Bethesda ma powody, by nie stawiać na Unreal Engine, twierdzi projektant zadań Fallout 76
Obudzili się z ręką w nocniku. Im dłużej będą zwlekać zmianę silnika i usprawiedliwiać korzystanie ze starej technologii, tym będzie im coraz ciężej się przenieść do innego środowiska. Oczywiście zmiana silnika to nie jest prosta sprawa na jeden dzień, ale oni mieli na to czas aż od premiery Skyrima, a jednak pozostali przy swoim drewnianym rupieciu, który doją do ostatniej kropli.
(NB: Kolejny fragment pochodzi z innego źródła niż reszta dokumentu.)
(* Let $\mathscr{H}$ be a finite-dimensional complex Hilbert space, let $A=\{a_k\}_{k=1}^{m}$ be a tight frame of $\mathscr{H}$ with frame bound $\alpha>0$ and $B=\{b_j\}_{j=1}^{n}$ a tight frame of $\mathscr{H}$ with frame bound $\beta>0$, and suppose $A$ and $B$ are $s$-order incompatible. Write $I=\{1,\dots,m\}$, $J=\{1,\dots,n\}$. For nonempty $S\subseteq I$, $T\subseteq J$ let $C_{S,T}$ be the optimal lower frame bound of the family $\{a_k\}_{k\in S^c}\cup\{b_j\}_{j\in T^c}$, i.e. the largest $C\ge 0$ with $C\|x\|^2\le\sum_{k\in S^c}|\langle x,a_k\rangle|^2+\sum_{j\in T^c}|\langle x,b_j\rangle|^2$ for all $x\in\mathscr{H}$, and let $C_s=\min\{C_{S,T}: S\subseteq I,\ T\subseteq J \text{ nonempty},\ |S|+|T|<s\}$ (with $C_s=+\infty$ if no such pair exists). Then $C_s>0$, and with $C=1/\min\{\alpha,\beta,C_s\}$, for all subsets $S\subseteq I$, $T\subseteq J$ with $|S|+|T|<s$ and all $x\in\mathscr{H}$, $$\|x\|^2\le C\Big(\sum_{k\in S^c}|\langle x,a_k\rangle|^2+\sum_{j\in T^c}|\langle x,b_j\rangle|^2\Big).$$
   Context: A finite family $\{a_k\}_{k=1}^{m}\subset\mathscr{H}$ is a tight frame with frame bound $\alpha>0$ if $\sum_{k=1}^{m}|\langle x,a_k\rangle|^2=\alpha\|x\|^2$ for all $x\in\mathscr{H}$. The tight frames $A$ (bound $\alpha$) and $B$ (bound $\beta$) are called $s$-order incompatible, for an integer $s$, if: (1) for all nonempty $S\subseteq I$, $T\subseteq J$ with $|S|+|T|<s$ and every nonzero $x\in\mathscr{H}$, the two equalities $\sum_{k\in S}|\langle x,a_k\rangle|^2=\alpha\|x\|^2$ and $\sum_{j\in T}|\langle x,b_j\rangle|^2=\beta\|x\|^2$ do not both hold; and (2) there exist nonempty $S\subseteq I$, $T\subseteq J$ with $|S|+|T|=s$ and a nonzero $x\in\mathscr{H}$ for which both equalities hold. $S^c=I\setminus S$, $T^c=J\setminus T$. *)

From HB Require Import structures.
From mathcomp Require Import all_boot all_order all_algebra.
From mathcomp Require Import complex.
From mathcomp Require Import boolp classical_sets reals constructive_ereal.

Set Implicit Arguments.
Unset Strict Implicit.
Unset Printing Implicit Defensive.

Import Order.TTheory GRing.Theory Num.Theory.
Local Open Scope ring_scope.

Section FrameDefs.
Variable R : realType.
Variable d : nat.

Definition vec := 'I_d -> R[i].

Definition inner (x y : vec) : R[i] := \sum_(i < d) x i * conjc (y i).

Definition sqmod (z : R[i]) : R := let: Complex a b := z in a ^+ 2 + b ^+ 2.
Definition sqnorm (x : vec) : R := \sum_(i < d) sqmod (x i).

Definition fsum (m : nat) (a : 'I_m -> vec) (S : {set 'I_m}) (x : vec) : R :=
  \sum_(k in S) sqmod (inner x (a k)).

Definition tight_frame (m : nat) (a : 'I_m -> vec) (alpha : R) : Prop :=
  0 < alpha /\ forall x : vec, \sum_(k < m) sqmod (inner x (a k)) = alpha * sqnorm x.

Definition s_order_incompatible (m n : nat) (a : 'I_m -> vec) (b : 'I_n -> vec)
    (alpha beta : R) (s : nat) : Prop :=
  (forall (S : {set 'I_m}) (T : {set 'I_n}) (x : vec),
      S != finset.set0 -> T != finset.set0 -> (#|S| + #|T| < s)%N -> x <> (fun _ => 0) ->
      ~ (fsum a S x = alpha * sqnorm x /\ fsum b T x = beta * sqnorm x)) /\
  (exists (S : {set 'I_m}) (T : {set 'I_n}) (x : vec),
      [/\ S != finset.set0, T != finset.set0, (#|S| + #|T|)%N = s & x <> (fun _ => 0)] /\
      (fsum a S x = alpha * sqnorm x /\ fsum b T x = beta * sqnorm x)).

Definition compl_sum (m n : nat) (a : 'I_m -> vec) (b : 'I_n -> vec)
    (S : {set 'I_m}) (T : {set 'I_n}) (x : vec) : R :=
  fsum a (~: S) x + fsum b (~: T) x.

Definition opt_lower_bound (m n : nat) (a : 'I_m -> vec) (b : 'I_n -> vec)
    (S : {set 'I_m}) (T : {set 'I_n}) : R :=
  sup [set c : R | 0 <= c /\ forall x : vec, c * sqnorm x <= compl_sum a b S T x].

Definition C_s (m n : nat) (a : 'I_m -> vec) (b : 'I_n -> vec) (s : nat) : \bar R :=
  \big[Order.min/+oo%E]_(S : {set 'I_m} | S != finset.set0)
    \big[Order.min/+oo%E]_(T : {set 'I_n} | (T != finset.set0) && (#|S| + #|T| < s)%N)
      (opt_lower_bound a b S T)%:E.

End FrameDefs.

From HB Require Import structures.
From mathcomp Require Import all_boot all_order all_algebra.
From mathcomp Require Import complex sesquilinear spectral.
From mathcomp Require Import boolp classical_sets reals constructive_ereal.

Set Implicit Arguments.
Unset Strict Implicit.
Unset Printing Implicit Defensive.

Import Order.TTheory GRing.Theory Num.Theory.
Local Open Scope ring_scope.

(* In finite dimension, a family whose analysis operator x |-> (<x, v_k>)_k is
   injective has a positive lower frame bound: if W is a right inverse of the
   analysis matrix M, then x = (x M) W and Cauchy-Schwarz bounds ||x||^2 by a
   constant times ||x M||^2. For nonempty S, T with |S| + |T| < s the family
   {a_k}_(k in S^c) u {b_j}_(j in T^c) is such a family: a vector annihilated by
   it attains both tight frame bounds on S and on T, which s-order
   incompatibility forbids. Hence every C_(S,T) is positive and so is their
   finite minimum C_s, while for S or T empty the complementary sum contains a
   whole tight frame and is bounded below by alpha or beta. *)

Local Notation "''[' u ]" := (dotmx u u).

Section DotmxLowerBound.
Variable C : numClosedFieldType.

Lemma dotmx_sqrE n (u : 'rV[C]_n) : '[u] = \sum_i `|u 0 i| ^+ 2.
Proof. by rewrite dotmxE mxE; apply: eq_bigr => i _; rewrite !mxE normCK. Qed.

Lemma dotmx_mulmx_le p q (y : 'rV[C]_p) (W : 'M[C]_(p, q)) :
  '[y *m W] <= '[y] * \sum_i \sum_k `|W k i| ^+ 2.
Proof.
pose w i : 'rV[C]_p := \row_k (W k i)^*.
have yWE i : (y *m W) 0 i = dotmx y (w i).
  by rewrite dotmxE !mxE; apply: eq_bigr => k _; rewrite !mxE conjCK.
have wE i : '[w i] = \sum_k `|W k i| ^+ 2.
  by rewrite dotmx_sqrE; apply: eq_bigr => k _; rewrite mxE norm_conjC.
rewrite dotmx_sqrE mulr_sumr; apply: ler_sum => i _.
by rewrite yWE -wE (CauchySchwarz (@dotmx C p)).
Qed.

Lemma row_free_dotmx_lower_bound p q (M : 'M[C]_(p, q)) :
  row_free M -> exists2 c : C, 0 < c & forall u, c * '[u] <= '[u *m M].
Proof.
case/row_freeP => W MW.
pose K := \sum_i \sum_k `|W k i| ^+ 2.
have K_ge0 : 0 <= K by do 2!apply: sumr_ge0 => ? _; exact: exprn_ge0.
have K1_gt0 : 0 < 1 + K by rewrite ltr_pwDl.
exists (1 + K)^-1; first by rewrite invr_gt0.
move=> u; rewrite ler_pdivrMl // mulrDl mul1r.
rewrite -[in X in X <= _](mulmx1 u) -MW mulmxA.
by rewrite (le_trans (dotmx_mulmx_le _ _)) // mulrC lerDr dnorm_ge0.
Qed.
End DotmxLowerBound.


Section ComplexVectors.
Variable R : realType.

Lemma sqmodE (z : R[i]) : (sqmod z)%:C%C = `|z| ^+ 2.
Proof. by case: z => a b; rewrite -add_Re2_Im2. Qed.

Lemma sqmod_ge0 (z : R[i]) : 0 <= sqmod z.
Proof. by have := exprn_ge0 2 (normr_ge0 z); rewrite -sqmodE ler0c. Qed.

Lemma sqmod_eq0 (z : R[i]) : (sqmod z == 0) = (z == 0).
Proof.
apply/eqP/eqP => [z0|->]; last by rewrite /= expr0n /= addr0.
by apply/eqP; rewrite -normr_eq0 -sqrf_eq0 -sqmodE z0.
Qed.

Lemma dotmx_sqmodE n (u : 'rV[R[i]]_n) : '[u] = (\sum_i sqmod (u 0 i))%:C%C.
Proof.
rewrite dotmx_sqrE; under eq_bigr do rewrite -sqmodE.
by rewrite rmorph_sum.
Qed.

Variable d : nat.

Definition rowv (x : vec R d) : 'rV[R[i]]_d := \row_i x i.

Definition analysis_mx N (v : 'I_N -> vec R d) : 'M[R[i]]_(d, N) :=
  \matrix_(i, k) (v k i)^*.

Lemma sqnormE (x : vec R d) : (sqnorm x)%:C%C = '[rowv x].
Proof.
by rewrite dotmx_sqmodE; congr (_%:C)%C; apply: eq_bigr => i _; rewrite mxE.
Qed.

Lemma analysis_sumE N (v : 'I_N -> vec R d) x :
  (\sum_k sqmod (inner x (v k)))%:C%C = '[rowv x *m analysis_mx v].
Proof.
rewrite dotmx_sqmodE; congr (_%:C)%C; apply: eq_bigr => k _; congr sqmod.
by rewrite mxE; apply: eq_bigr => i _; rewrite !mxE.
Qed.

Lemma frame_lower_bound (I : finType) (K : {pred I}) (v : I -> vec R d) :
  (forall x, \sum_(k in K) sqmod (inner x (v k)) = 0 -> x = (fun _ => 0)) ->
  exists2 c : R, 0 < c &
    forall x, c * sqnorm x <= \sum_(k in K) sqmod (inner x (v k)).
Proof.
move=> spanning; pose w := v \o @enum_val I (mem K).
have sumE x : \sum_(k in K) sqmod (inner x (v k)) = \sum_k sqmod (inner x (w k)).
  exact: big_enum_val.
have [|c c_gt0 c_lb] := @row_free_dotmx_lower_bound _ _ _ (analysis_mx w).
  apply/inj_row_free => u uM0.
  have uE : u = rowv (fun i => u 0 i) by apply/rowP => i; rewrite mxE.
  have /spanning u0 : \sum_(k in K) sqmod (inner (fun i => u 0 i) (v k)) = 0.
    apply/complexI; rewrite sumE analysis_sumE -uE uM0.
    by apply/eqP; rewrite dnorm_eq0.
  by apply/rowP => i; have := congr1 (fun f => f i) u0; rewrite !mxE.
move: c_gt0; rewrite ltcE /= => /andP[/eqP Im_c Re_c_gt0].
have cE : c = (complex.Re c)%:C%C by case: c Im_c {c_lb Re_c_gt0} => ? ? /= ->.
exists (complex.Re c) => // x.
rewrite -lecR rmorphM /= sqnormE sumE analysis_sumE -cE.
exact: c_lb.
Qed.
End ComplexVectors.


Section VectorNorms.
Variables (R : realType) (d : nat).

Lemma sqnorm_ge0 (x : vec R d) : 0 <= sqnorm x.
Proof. by apply: sumr_ge0 => i _; exact: sqmod_ge0. Qed.

Lemma sqnorm_gt0 (x : vec R d) : x <> (fun _ => 0) -> 0 < sqnorm x.
Proof.
move=> x_neq0; rewrite lt_def sqnorm_ge0 andbT; apply: contra_notN x_neq0.
move/eqP/psumr_eq0P => x0; apply: funext => i; apply/eqP.
by rewrite -sqmod_eq0 x0 // => j _; exact: sqmod_ge0.
Qed.

Lemma fsum_ge0 p (c : 'I_p -> vec R d) (S : {set 'I_p}) x : 0 <= fsum c S x.
Proof. by apply: sumr_ge0 => k _; exact: sqmod_ge0. Qed.

Lemma tight_frame_fsum_setC p (c : 'I_p -> vec R d) (gamma : R) S x :
  tight_frame c gamma -> fsum c S x + fsum c (~: S) x = gamma * sqnorm x.
Proof.
case=> _ <-; rewrite /fsum [RHS](bigID (mem S)) /=; congr (_ + _).
by apply: eq_bigl => k; rewrite finset.in_setC.
Qed.

End VectorNorms.

Section OptimalLowerBound.
Variables (R : realType) (V : Type) (N F : V -> R).
Hypotheses (N_ge0 : forall x, 0 <= N x) (F_ge0 : forall x, 0 <= F x).
Hypothesis N_nontrivial : exists x, 0 < N x.

Let E := [set c : R | 0 <= c /\ forall x, c * N x <= F x]%classic.

Lemma has_sup_lower_bounds : has_sup E.
Proof.
split; first by exists 0; split=> // x; rewrite mul0r.
have [x0 N_x0] := N_nontrivial; exists (F x0 / N x0) => c [_ c_lb].
by rewrite ler_pdivlMr.
Qed.

Lemma lower_bound_le_sup c : E c -> c <= sup E.
Proof. exact/sup_upper_bound/has_sup_lower_bounds. Qed.

Lemma sup_lower_bound x : sup E * N x <= F x.
Proof.
have [N_x0|N_x_neq0] := eqVneq (N x) 0; first by rewrite N_x0 mulr0.
have N_x_gt0 : 0 < N x by rewrite lt_def N_x_neq0 N_ge0.
rewrite -ler_pdivlMr //; apply: ge_sup; first by exists 0; split=> // y; rewrite mul0r.
by move=> c [_ c_lb]; rewrite ler_pdivlMr.
Qed.

End OptimalLowerBound.

Lemma fine_min_EFin (R : realType) (r : R) (e : \bar R) : 0 < r -> (0 < e)%E ->
  let mu := fine (Order.min r%:E e) in [/\ 0 < mu, mu <= r & (mu%:E <= e)%E].
Proof.
case: e => [c| |] // r_gt0; rewrite ?lte_fin => c_gt0 /=.
  by rewrite -EFin_min /= lee_fin lt_min r_gt0 c_gt0 !ge_min !lexx orbT.
by rewrite miney lexx leey.
Qed.

Section IncompatibleFrames.
Variables (R : realType) (d m n : nat).
Variables (a : 'I_m -> vec R d) (b : 'I_n -> vec R d).

Definition joint_family (k : 'I_m + 'I_n) : vec R d :=
  match k with inl i => a i | inr j => b j end.

Definition compl_index (S : {set 'I_m}) (T : {set 'I_n}) : pred ('I_m + 'I_n) :=
  fun k => match k with inl i => i \notin S | inr j => j \notin T end.

Lemma compl_sumE S T x :
  compl_sum a b S T x = \sum_(k in compl_index S T) sqmod (inner x (joint_family k)).
Proof.
rewrite big_sumType /compl_sum /fsum.
by congr (_ + _); apply: eq_bigl => k; rewrite finset.in_setC.
Qed.

Lemma compl_sum_ge0 S T x : 0 <= compl_sum a b S T x.
Proof. exact: addr_ge0 (fsum_ge0 _ _ _) (fsum_ge0 _ _ _). Qed.

Lemma opt_lower_boundP S T x :
  opt_lower_bound a b S T * sqnorm x <= compl_sum a b S T x.
Proof. by apply: sup_lower_bound => y; [exact: sqnorm_ge0 | exact: compl_sum_ge0]. Qed.

Variables (alpha beta : R) (s : nat).
Hypotheses (a_tight : tight_frame a alpha) (b_tight : tight_frame b beta).
Hypothesis ab_incompatible : s_order_incompatible a b alpha beta s.

Lemma compl_sum_set0l T x : alpha * sqnorm x <= compl_sum a b finset.set0 T x.
Proof.
rewrite -(tight_frame_fsum_setC finset.set0 x a_tight) {1}/fsum big_set0 add0r.
by rewrite lerDl fsum_ge0.
Qed.

Lemma compl_sum_set0r S x : beta * sqnorm x <= compl_sum a b S finset.set0 x.
Proof.
rewrite -(tight_frame_fsum_setC finset.set0 x b_tight) {1}/fsum big_set0 add0r.
by rewrite lerDr fsum_ge0.
Qed.

Lemma compl_sum_eq0 S T x :
  S != finset.set0 -> T != finset.set0 -> (#|S| + #|T| < s)%N ->
  compl_sum a b S T x = 0 -> x = (fun _ => 0).
Proof.
move=> S_neq0 T_neq0 ST_lt_s /eqP.
rewrite paddr_eq0 ?fsum_ge0 // => /andP[/eqP a0 /eqP b0].
apply: contrapT => x_neq0; apply: (ab_incompatible.1 S T x) => //.
rewrite -(tight_frame_fsum_setC S x a_tight) -(tight_frame_fsum_setC T x b_tight).
by rewrite a0 b0 !addr0.
Qed.

Lemma exists_sqnorm_gt0 : exists x : vec R d, 0 < sqnorm x.
Proof.
by have [_ [S [T [x [[_ _ _ /sqnorm_gt0 x_gt0] _]]]]] := ab_incompatible; exists x.
Qed.

Lemma opt_lower_bound_gt0 S T :
  S != finset.set0 -> T != finset.set0 -> (#|S| + #|T| < s)%N ->
  0 < opt_lower_bound a b S T.
Proof.
move=> S_neq0 T_neq0 ST_lt_s.
have [|c c_gt0 c_lb] := @frame_lower_bound R d _ (compl_index S T) joint_family.
  by move=> x; rewrite -compl_sumE; exact: compl_sum_eq0.
apply: (lt_le_trans c_gt0); apply: lower_bound_le_sup.
- exact: compl_sum_ge0.
- exact: exists_sqnorm_gt0.
- by split=> [|x]; [exact: ltW | rewrite compl_sumE].
Qed.

Lemma C_s_gt0 : (0 < C_s a b s)%E.
Proof.
apply/bigmin_gtP; split=> [|S S_neq0]; first exact: ltry.
apply/bigmin_gtP; split=> [|T /andP[T_neq0 ST_lt_s]]; first exact: ltry.
by rewrite lte_fin opt_lower_bound_gt0.
Qed.

Lemma C_s_le S T :
  S != finset.set0 -> T != finset.set0 -> (#|S| + #|T| < s)%N ->
  (C_s a b s <= (opt_lower_bound a b S T)%:E)%E.
Proof.
move=> S_neq0 T_neq0 ST_lt_s; apply: (bigmin_inf S) => //.
by apply: (bigmin_inf T) => //; rewrite T_neq0 ST_lt_s.
Qed.

Lemma compl_sum_lower_bound (mu : R) (S : {set 'I_m}) (T : {set 'I_n}) x :
  mu <= alpha -> mu <= beta -> (mu%:E <= C_s a b s)%E -> (#|S| + #|T| < s)%N ->
  mu * sqnorm x <= compl_sum a b S T x.
Proof.
move=> mu_le_alpha mu_le_beta mu_le_Cs ST_lt_s.
have le_sqnorm c : mu <= c -> mu * sqnorm x <= c * sqnorm x.
  by move=> mu_le_c; rewrite ler_wpM2r ?sqnorm_ge0.
have [->|S_neq0] := eqVneq S finset.set0.
  exact: le_trans (le_sqnorm _ mu_le_alpha) (compl_sum_set0l _ _).
have [->|T_neq0] := eqVneq T finset.set0.
  exact: le_trans (le_sqnorm _ mu_le_beta) (compl_sum_set0r _ _).
apply: le_trans (le_sqnorm _ _) (opt_lower_boundP _ _ _).
by rewrite -lee_fin (le_trans mu_le_Cs) ?C_s_le.
Qed.

End IncompatibleFrames.

Theorem mainTheorem4 (R : realType) (d m n : nat)
    (a : 'I_m -> vec R d) (b : 'I_n -> vec R d) (alpha beta : R) (s : nat) :
  tight_frame a alpha -> tight_frame b beta ->
  s_order_incompatible a b alpha beta s ->
  (0 < C_s a b s)%E /\
  let C := (fine (Order.min (Order.min alpha beta)%:E (C_s a b s)))^-1 in
  forall (S : {set 'I_m}) (T : {set 'I_n}) (x : vec R d),
    (#|S| + #|T| < s)%N ->
    sqnorm x <= C * compl_sum a b S T x.
Proof.
move=> a_tight b_tight ab_incompatible.
have Cs_gt0 := C_s_gt0 a_tight b_tight ab_incompatible.
split=> // C S T x ST_lt_s.
have min_gt0 : 0 < Order.min alpha beta by rewrite lt_min a_tight.1 b_tight.1.
have [mu_gt0 mu_le_min mu_le_Cs] := fine_min_EFin min_gt0 Cs_gt0.
rewrite /C ler_pdivlMl //.
apply: (compl_sum_lower_bound a_tight b_tight x _ _ mu_le_Cs ST_lt_s).
- by rewrite (le_trans mu_le_min) // ge_min lexx.
- by rewrite (le_trans mu_le_min) // ge_min lexx orbT.
Qed.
Dodatkowo "ładujące się ekrany w Starfieldzie, współcześnie mogą być już nieco denerwujące", jest lekkim niedopowiedzeniem, nie ma dla nich usprawiedliwienia
Szkoda że po crysisach cryengine praktycznie umarło i mało kto go używa, była by konkurencja dla ue
Dokładnie, zwłaszcza że Warhorse pokazało jak można zrobić grę z fajną grafiką i zajebistą optymalizacją. A gry na UE5 to praktycznie zawsze ciężkie kobyły, optymalizacyjne koszmarki, mówiąc delikatnie (wiem że kod dość sporo pod siebie przerobili, ale mimo wszystko).
Zgadzam się, taki Kingdom Come 1 był świetny graficznie na Cry Engine genialny silnik już wiele lat temu szkoda że się nie przyjął.
Dopiero co wyszła na CryEngine jedna z najpiękniejszych gier na rynku, która jest silnym pretendentem do tytułu GOTY, więc tak zupełnie to jeszcze nie umarł.
Bethesda - firma która od dawna króluje w robieniu zachowawczych sequeli bez praktycznie żadnych zmian i od której Ubisoft mógłby się jeszcze długo i wiele nauczyć. Jednocześnie ludzie lecą na ich gry z wywieszonymi jęzorami, kiedy jednocześnie te gry są co najwyżej na poziomie pierwszych gier City Interactive za 20 złotych w kiosku. To jest naprawdę niesamowity fenomen.
Przez dominację Unreala na rynku do czegoś innego ciężko jest znaleźć w branży ludzi, którzy znają się na programowaniu w tym, może poza Unity, bo nie ma ich za wielu.
Czyli zostaje uczenie się przez wszystkich od zera, albo opracowanie swojego nowego silnika.